Alstom erklärte, der Konzern rechne mit einem Abschluss des Geschäfts im ersten Halbjahr. "Die vorgeschlagene Kombination von Alstom mit Siemens Mobility, inklusive des Antriebsgeschäfts, ist im vergangenen Quartal fortgeschritten", teilten die Franzosen mit der Veröffentlichung von Geschäftszahlen mit. Alstom verwies auf die Zugeständnisse, zu denen die Firmen bereit sind. Dieses Paket sei angemessen.

ZUSPRUCH AUS BERLIN UND PARIS

Die deutsche und die französische Regierung unterstützen das Vorhaben, das im Wettbewerb mit den Chinesen einen europäischen Champion schaffen soll, ähnlich wie Airbus in der Luftfahrtbranche. Die Fusion sei ein wichtiges Anliegen zur Sicherung der Wettbewerbsfähigkeit der europäischen Bahnindustrie, sagte ein Sprecher der Bundesregierung. Die Entscheidung obliege aber der EU-Kommission. Der CDU-Wirtschaftspolitiker Joachim Pfeiffer forderte von der Bundesregierung eine klarere Unterstützung.

Die französische Regierung äußerte sich deutlicher. "Eine Ablehnung durch die Europäische Kommission wäre ein wirtschaftlicher wie auch ein politischer Fehler", hatte ein Regierungssprecher in Paris am Mittwoch gesagt.

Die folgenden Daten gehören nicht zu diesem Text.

(* Let $r\geq 2$ and $n>r^{8}$. Every graph $G$ of order $n$ with $e(G)>t_r(n)$ has an induced subgraph $G'$ of order $n'>(1-1/r^{2})n$ such that either $$K_{r+1}\subseteq G'\quad\text{and}\quad\delta(G')>\left(\frac{r-1}{r}-\frac{1}{r^{2}(r^{2}-1)}\right)n',$$ or $$e(G')>\left(\frac{r-1}{2r}+\frac{1}{r^{4}(r^{2}-1)}\right)(n')^{2}.$$
   Context: All graphs are finite and simple; $e(G)$ is the number of edges and $\delta(G)$ the minimum degree. $T_r(n)$ denotes the Turán graph: the complete $r$-partite graph on $n$ vertices whose $r$ parts have sizes as equal as possible (differing by at most one); $t_r(n)=e(T_r(n))$. $K_{r+1}$ is the complete graph on $r+1$ vertices. *)

(* A simple graph on a finite vertex type T is a symmetric,
   irreflexive boolean relation e : rel T. *)
From mathcomp Require Import all_boot all_order all_algebra.
Set Implicit Arguments. Unset Strict Implicit. Unset Printing Implicit Defensive.

Definition induced_edges (T : finType) (e : rel T) (S : {set T}) : {set {set T}} :=
  [set A : {set T} | (A \subset S) &&
     [exists x : T, exists y : T, (A == [set x; y]) && e x y]].

Definition ne_induced (T : finType) (e : rel T) (S : {set T}) : nat :=
  #|induced_edges e S|.

Definition nedges (T : finType) (e : rel T) : nat := ne_induced e [set: T].

Definition deg_in (T : finType) (e : rel T) (S : {set T}) (v : T) : nat :=
  #|[set u in S | e v u]|.

(* delta(G[S]) (equals #|S| = 0 when S is empty) *)
Definition mindeg_in (T : finType) (e : rel T) (S : {set T}) : nat :=
  \big[minn/#|S|]_(v in S) deg_in e S v.

Definition has_clique_in (T : finType) (e : rel T) (S : {set T}) (k : nat) : Prop :=
  exists K : {set T}, [/\ K \subset S, #|K| = k &
    forall x y, x \in K -> y \in K -> x != y -> e x y].

(* Turan graph T_r(n) on 'I_n: vertex i lies in part (i mod r); parts have
   sizes differing by at most one; edges join vertices in different parts. *)
Definition turan_rel (r n : nat) : rel (ordinal n) :=
  fun i j : ordinal n => (nat_of_ord i %% r != nat_of_ord j %% r)%N.

Definition turan_number (r n : nat) : nat := nedges (@turan_rel r n).

From mathcomp Require Import all_boot all_order all_algebra.
From mathcomp Require Import zify ring lra.
Import Order.TTheory GRing.Theory Num.Theory.
Set Implicit Arguments. Unset Strict Implicit. Unset Printing Implicit Defensive.

(* Repeatedly delete a vertex of minimum degree from the current induced
   subgraph S as long as delta(S) <= c |S|, with c = (r-1)/r - eps and
   eps = 1/(r^2 (r^2-1)), for at most K = floor((n-1)/r^2) steps, so that at
   least n - K > (1 - 1/r^2) n vertices remain.  Since
   t_r(s) - t_r(s-1) >= (r-1)/r (s-1), every deletion raises the excess
   e(S) - t_r(|S|) by at least eps (n-K) - 1 >= 0.  If the process stops
   early, S has minimum degree > c |S| and more than t_r(|S|) edges, hence a
   K_{r+1} by Turan's theorem; otherwise the accumulated excess
   K (eps (n-K) - 1) already exceeds the second edge threshold. *)

Section InducedSubgraphs.
Variables (T : finType) (e : rel T).

Lemma deg_in_le_card (S : {set T}) v : deg_in e S v <= #|S|.
Proof. by apply: subset_leq_card; apply/subsetP => u; rewrite inE => /andP[]. Qed.

Lemma mindeg_in_witness (S : {set T}) :
  S != set0 -> exists2 v, v \in S & deg_in e S v <= mindeg_in e S.
Proof.
case/set0Pn=> v0 v0S; case: (arg_minnP (deg_in e S) v0S) => v vS vmin.
exists v => //; apply: (big_ind (fun k => deg_in e S v <= k)) => //.
- exact: deg_in_le_card.
- by move=> a b; rewrite leq_min => -> ->.
Qed.

Lemma ne_induced_set0 : ne_induced e set0 = 0.
Proof.
apply/eqP; rewrite cards_eq0; apply/eqP/setP => A; rewrite !inE.
apply/negbTE/andP => -[sub /existsP [x /existsP [y /andP [/eqP HA _]]]].
by move/subsetP: sub => /(_ x); rewrite HA !inE eqxx => /(_ isT).
Qed.

Hypotheses (esym : symmetric e) (eirr : irreflexive e).

Lemma ne_induced_delete (S : {set T}) v : v \in S ->
  ne_induced e S = ne_induced e (S :\ v) + deg_in e S v.
Proof.
move=> vS; rewrite /ne_induced /deg_in.
(* Edges containing v are the pairs [set v; u] with u a neighbour of v. *)
rewrite -(cardsID [set A : {set T} | v \in A]) addnC; congr (_ + _).
  apply: eq_card => A; rewrite !inE.
  apply/andP/andP => -[H1 H2].
    move: H2 => /andP [sub ex]; split => //.
    by apply/subsetP => x xA; rewrite !inE (subsetP sub x xA) andbT;
      apply/eqP => xv; move: H1; rewrite -xv xA.
  split.
    by apply/negP => vA; move/subsetP: H1 => /(_ v vA); rewrite !inE eqxx.
  rewrite H2 andbT.
  by apply/subsetP => x xA; move/subsetP: H1 => /(_ x xA); rewrite !inE => /andP [].
rewrite -[RHS](card_in_imset (f := fun u => [set v; u])); last first.
  move=> u u'; rewrite !inE => /andP [_ evu] /andP [_ evu'] /setP /(_ u) H.
  have: u \in [set v; u'] by rewrite -H !inE eqxx orbT.
  rewrite !inE => /orP [/eqP uv|/eqP //].
  by move: evu; rewrite uv eirr.
apply: eq_card => A; rewrite !inE; apply/idP/imsetP.
  move=> /andP [/andP [sub /existsP [x /existsP [y /andP [/eqP HA exy]]]] vA].
  move: vA; rewrite HA !inE => /orP [/eqP vx | /eqP vy].
    exists y; last by rewrite vx.
    by rewrite inE (subsetP sub y) ?HA ?inE ?eqxx ?orbT // vx.
  exists x; last by rewrite vy setUC.
  by rewrite inE (subsetP sub x) ?HA ?inE ?eqxx // vy esym.
move=> [u]; rewrite inE => /andP [uS evu] ->.
rewrite !inE eqxx andbT; apply/andP; split.
  by apply/subsetP => x; rewrite !inE => /orP [/eqP ->|/eqP ->].
by apply/existsP; exists v; apply/existsP; exists u; rewrite eqxx evu.
Qed.
(* Let $\beta\ge1$. For every $\delta>0$ there exists an instance of $1\mid t_j\mid\sum C_j$ with obligatory tests on which $\beta$-SORT satisfies \[ \frac{\mathit{ALG}}{\mathit{OPT}}\ge\frac{\sqrt{4\beta(\beta^2+\beta-1)+1}+1}{2\beta}-\delta. \]
   Context: Scheduling with obligatory tests: jobs $J=\{1,\dots,n\}$ on a single machine; job $j$ has a known test time $t_j\ge0$ and a processing time $p_j\ge0$ revealed only when its test has been executed. The test must be executed before the processing part (which may start any time later); operations are non-preemptive, one at a time. $C_j$ is the completion time of the processing part of $j$; objective $\sum_jC_j$. $\mathit{OPT}$ is the optimal offline objective value (all tests must also be executed); $\mathit{ALG}$ is the algorithm's value. Algorithm $\beta$-SORT (parameter $\beta>0$): maintain a priority queue of available operations, initially containing the test of every job $j$ with priority $\beta t_j$; repeatedly remove a minimum-priority operation and execute it immediately; after executing the test of $j$, insert the processing part of $j$ with priority $p_j$. *)

From HB Require Import structures.
From mathcomp Require Import all_boot all_order all_algebra.
From mathcomp Require Import reals.
Set Implicit Arguments. Unset Strict Implicit. Unset Printing Implicit Defensive.
Import Order.TTheory GRing.Theory Num.Theory.
Local Open Scope ring_scope.

(* An operation of an n-job instance: (j, true) = test of job j,
   (j, false) = processing part of job j. *)
Definition op (n : nat) := ('I_n * bool)%type.

Section Sched.
Variables (R : realType) (n : nat) (t p : 'I_n -> R).

Definition dur (o : op n) : R := if o.2 then t o.1 else p o.1.

(* Operations are executed back-to-back from time 0 in the order of s;
   completion time of operation o = total duration of s up to and including o. *)
Definition compl (s : seq (op n)) (o : op n) : R :=
  \sum_(x <- take (index o s).+1 s) dur x.

Definition cost (s : seq (op n)) : R := \sum_(j < n) compl s (j, false).

Definition all_ops (s : seq (op n)) : Prop := uniq s /\ (forall o : op n, o \in s).

Definition feasible (s : seq (op n)) : Prop :=
  all_ops s /\ forall j : 'I_n, (index (j, true) s < index (j, false) s)%N.

Definition is_OPT (v : R) : Prop :=
  (exists s, feasible s /\ cost s = v) /\ (forall s, feasible s -> v <= cost s).

(* operations in the priority queue after executing the operations in pre:
   all unexecuted tests, and unexecuted processing parts whose test was executed *)
Definition available (pre : seq (op n)) (o : op n) : bool :=
  (o \notin pre) && (o.2 || ((o.1, true) \in pre)).

Definition prio (beta : R) (o : op n) : R := if o.2 then beta * t o.1 else p o.1.

(* s is an execution of beta-SORT (with some tie-breaking): at every step the
   executed operation is in the queue and has minimum priority among those in
   the queue; operations are executed immediately, i.e. back-to-back. *)
Definition betaSORT_run (beta : R) (s : seq (op n)) : Prop :=
  all_ops s /\
  forall pre o post, s = pre ++ o :: post ->
    available pre o /\ forall o', available pre o' -> prio beta o <= prio beta o'.

End Sched.

From HB Require Import structures.
From mathcomp Require Import all_boot all_order all_algebra.
From mathcomp Require Import reals.
From mathcomp Require Import ring lra zify.
Import Order.TTheory GRing.Theory Num.Theory.
Set Implicit Arguments. Unset Strict Implicit. Unset Printing Implicit Defensive.
Local Open Scope ring_scope.

(* Take m short jobs (test 1 + 2e, processing 0) and k long jobs (test 1, processing
   beta (1 + e)). With e > 0 every long operation has a smaller priority than every short
   test, so beta-SORT runs all long tests, then all long processing parts, then the short
   jobs; twice its cost is at least
     S = 2k^2 + beta k (k + 1) + 2 (1 + beta) m k + m (m + 1).
   Doing every job test-then-process, short jobs first, costs half of
     (1 + 2e) (m (m + 1) + 2km) + (1 + beta + beta e) k (k + 1) ~ m^2 + 2km + (1 + beta) k^2.
   The ratio r of the claim solves beta r^2 - r = beta^2 + beta - 1, which is exactly the
   condition for the quadratic part of S - r (m^2 + 2km + (1 + beta) k^2) to be the square
   (1 - r) (m - a k)^2. Hence with m = floor (a k), e = 1/k and k large, ALG / OPT is at
   least r - delta. *)

Section Schedules.
Variables (R : realType) (n : nat) (t p : 'I_n -> R).

Definition pair_delay (s : seq (op n)) (j j' : 'I_n) : R :=
  (if (index (j', true) s <= index (j, false) s)%N then t j' else 0)
  + (if (index (j', false) s <= index (j, false) s)%N then p j' else 0).

Lemma compl_allE (s : seq (op n)) (o : op n) : all_ops s ->
  compl t p s o = \sum_(o' : op n) (if (index o' s <= index o s)%N then dur t p o' else 0).
Proof.
case=> us alls; rewrite /compl big_uniq ?take_uniq // big_mkcond.
by apply: eq_bigr => o' _; rewrite in_take // ltnS.
Qed.

Lemma sum_opE (G : op n -> R) :
  \sum_(o : op n) G o = \sum_(j < n) (G (j, true) + G (j, false)).
Proof.
rewrite [RHS](eq_bigr (fun j => \sum_(b : bool) G (j, b))) => [|j _].
  by rewrite pair_big; apply: eq_bigr => -[].
by rewrite big_bool.
Qed.

Lemma cost_pairE (s : seq (op n)) : all_ops s ->
  cost t p s = \sum_(j < n) \sum_(j' < n) pair_delay s j j'.
Proof. by move=> alls; apply: eq_bigr => j _; rewrite compl_allE // sum_opE. Qed.

Lemma pair_delay_ge0 (s : seq (op n)) (j j' : 'I_n) :
  (forall j, 0 <= t j) -> (forall j, 0 <= p j) -> 0 <= pair_delay s j j'.
Proof. by move=> ht hp; rewrite addr_ge0 //; case: ifP. Qed.

Lemma test_le_cost (s : seq (op n)) (j : 'I_n) : feasible s ->
  (forall j, 0 <= t j) -> (forall j, 0 <= p j) -> t j <= cost t p s.
Proof.
move=> [alls before] ht hp; rewrite cost_pairE //.
have delay_ge0 j1 j2 := pair_delay_ge0 s j1 j2 ht hp.
rewrite (bigD1 j) //= (bigD1 j) //= -addrA; apply: ler_wpDr.
  by rewrite addr_ge0 // sumr_ge0 // => j1 _; rewrite sumr_ge0.
by rewrite /pair_delay (ltnW (before j)) lerDl; case: ifP.
Qed.

Definition feasibleb (s : seq (op n)) : bool :=
  [&& uniq s, [forall o, o \in s] & [forall j, index (j, true) s < index (j, false) s]%N].

Lemma feasibleP (s : seq (op n)) : reflect (feasible s) (feasibleb s).
Proof.
apply: (iffP and3P) => [[us /forallP alls /forallP before] | [[us alls] before]].
  by split.
by split=> //; apply/forallP.
Qed.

Mahnende Worte kamen auch vom Präsidenten des Bundesverbands der Deutschen Industrie (BDI), Dieter Kempf: "Ich würde mir wünschen, dass wir auch im Wettbewerbsrecht solche Themen berücksichtigen, die mit globaler Wirtschaft zu tun haben, und uns nicht nur zu sehr auf Europa oder auf einzelne europäische Länder konzentrieren", sagte er in Berlin.

Siemens sieht den Ball nun im Feld der EU-Kommission. "Wir warten ab", sagte einer der Insider. "Weitere Zugeständnisse wird es nicht geben." Vestager und die übrigen EU-Kommissare hatten erst vor wenigen Tagen über den geplanten Zusammenschluss beraten.

Falls die Fusion nicht zustande komme, sehe Siemens für seine Bahntechniksparte Siemens Mobility trotzdem gute Wachstumsaussichten, sagten die Insider. "Wir werden alle Optionen prüfen." Dazu zähle auch die Möglichkeit, die Sparte an die Börse zu bringen. "Wir glauben, dass wir durchaus unser Geschäft, so wie es heute ist, sehr attraktiv weiterentwickeln können." Ein Zusammengehen mit dem kanadischen Rivalen Bombardier sei derzeit allerdings nicht in Sicht.

Börsianer reagierten am Donnerstag gelassen. Die Aktien von Siemens notierten mit einem Abschlag von 0,3 Prozent knapp im Minus. Alstom gaben 1,6 Prozent nach. Siemens solle die Fusion nicht um jeden Preis vorantreiben, sagte ein Händler. "Irgendwann rechnen sich die weiteren Zugeständnisse nicht mehr."